Hoegh-Guldberg pointed out how sea cucumbers filter and clean the seafloor as they move, recycling nutrients into sand that’s cleaner going out than it is going in.
“They get food at the same time as [they’re] keeping the sandy surfaces clean,” Hoegh-Guldberg said.
One of the by-products of the sea cucumber’s sparkly clean digestion is an increase in calcium carbonate (CaCO3), a compound that keeps corals alive and thriving.
Professor Maria Byrne, the director of One Tree Island Research Station at the Great Barrier Reef, said sea cucumbers counter “the negative effects of ocean acidification.”

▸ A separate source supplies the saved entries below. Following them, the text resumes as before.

Lemma pot_mid_far e j a a' t : lab_e e = Some (j, a') -> (a < csize)%N ->
  (per j)%:R <= `|(a'%:R : R) - a%:R| <= csize%:R - (per j)%:R -> lo j <= t <= hi j ->
  (per j)%:R * ell j - ell j / 8 <= pot j (mid_center j a) (pt e t).
Proof.
move=> he aM /andP[hq1 hq2] /andP[tl th]; have lp := ell_gt0 j.
move: tl th; rewrite /lo /hi => tl th.
rewrite (pot_pt (mid_center_in j aM) he) ?eqxx; last first.
  by rewrite (lab_len he); apply/andP; split; lra.
set d := `|(a'%:R : R) - a%:R|.
have hd : `| `|a'%:R * ell j + t - mid_center j a| - d * ell j | <= ell j / 8.
  have -> : d * ell j = `|((a'%:R : R) - a%:R) * ell j| by rewrite normrM (gtr0_norm lp).
  apply: le_trans (ler_dist_dist _ _) _.
  have -> : a'%:R * ell j + t - mid_center j a - (a'%:R - a%:R) * ell j = t - ell j / 2.
    by rewrite /mid_center; ring.
  by rewrite ler_norml; apply/andP; split; lra.
move: hd; rewrite ler_norml => /andP[hd1 hd2].
have hh1 : (per j)%:R * ell j <= d * ell j by rewrite ler_pM2r.
have hh2 : d * ell j <= (csize%:R - (per j)%:R) * ell j by rewrite ler_pM2r.
by rewrite /arc_dist le_min /clen; apply/andP; split; lra.
Qed.

Lemma pot_mid_other e j j' a a' t : lab_e e = Some (j', a') -> j' != j ->
  (a < csize)%N -> lo j' <= t <= hi j' -> pot j (mid_center j a) (pt e t) = clen j + s.
Proof.
move=> he jj' aM /andP[tl th]; have [l0 [_ lh]] := lohi j'.
rewrite (pot_pt (mid_center_in j aM) he) ?(negbTE jj') //.
by rewrite (lab_len he); apply/andP; split; lra.
Qed.

Lemma middles_far e1 e2 j1 a1 j2 a2 :
  lab_e e1 = Some (j1, a1) -> lab_e e2 = Some (j2, a2) ->
  (j1 <> j2 \/ (j1 = j2 /\
     (per j1)%:R <= `|(a2%:R : R) - a1%:R| <= csize%:R - (per j1)%:R)) ->
  (s%:E <= DistS (middle e1 j1) (middle e2 j2))%E.
Proof.
move=> he1 he2 hcase; have [_ a1M] := lab_rng he1.
apply: DistS_ge => x y [t1 ht1 ->] [t2 ht2 ->].
apply: le_trans (pot_Dist _ _ (mid_center_in j1 a1M)); rewrite lee_fin.
have p1 := pot_mid_self he1 ht1; have lp := ell_gt0 j1.
case: hcase => [jne|[ej hq]]; last subst j2.
  have j21 : j2 != j1 by apply/eqP => h; apply: jne.
  rewrite (pot_mid_other he2 j21 a1M ht2).
  have : ell j1 <= clen j1 by rewrite /clen ler_pMl // (ler_nat R 1) csize_gt0.
  by move: (ler_norm (clen j1 + s - pot j1 (mid_center j1 a1) (pt e1 t1))); lra.
have p2 := pot_mid_far he2 a1M hq ht2; have se := s_ell j1.
by move: (ler_norm (pot j1 (mid_center j1 a1) (pt e2 t2)
                    - pot j1 (mid_center j1 a1) (pt e1 t1))); lra.
Qed.

Variable w : 'I_n -> valuation H.
Hypothesis wE : forall (i : 'I_n) e A,
  vmu (w i) e A = if lab_e e is Some (j, a) then agent_mu i j a A else 0%E.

“In a healthy reef, dissolution of calcium carbonate sediment by sea cucumbers and other bioeroders appears to be an important component of the natural calcium carbonate turnover,” Byrne explained to the University of Sydney.
Sea cucumbers have been on the decline due to overfishing and ocean pollution, but scientists hope to boost conservation efforts by spreading the word about the key role they play in their underwater ecosystems.
Fortunately, the discovery of this new species of sea cucumber hopefully signals that the tide is turning in the right direction for them — and their ocean neighbors.
“Sea cucumbers provide an extra level of insurance against the things that are causing coral decline,” marine ecologist Cody Clements told NPR this past spring.
“Doesn't mean it's gonna fix everything, but we want to give them as much of a fighting chance as we can.”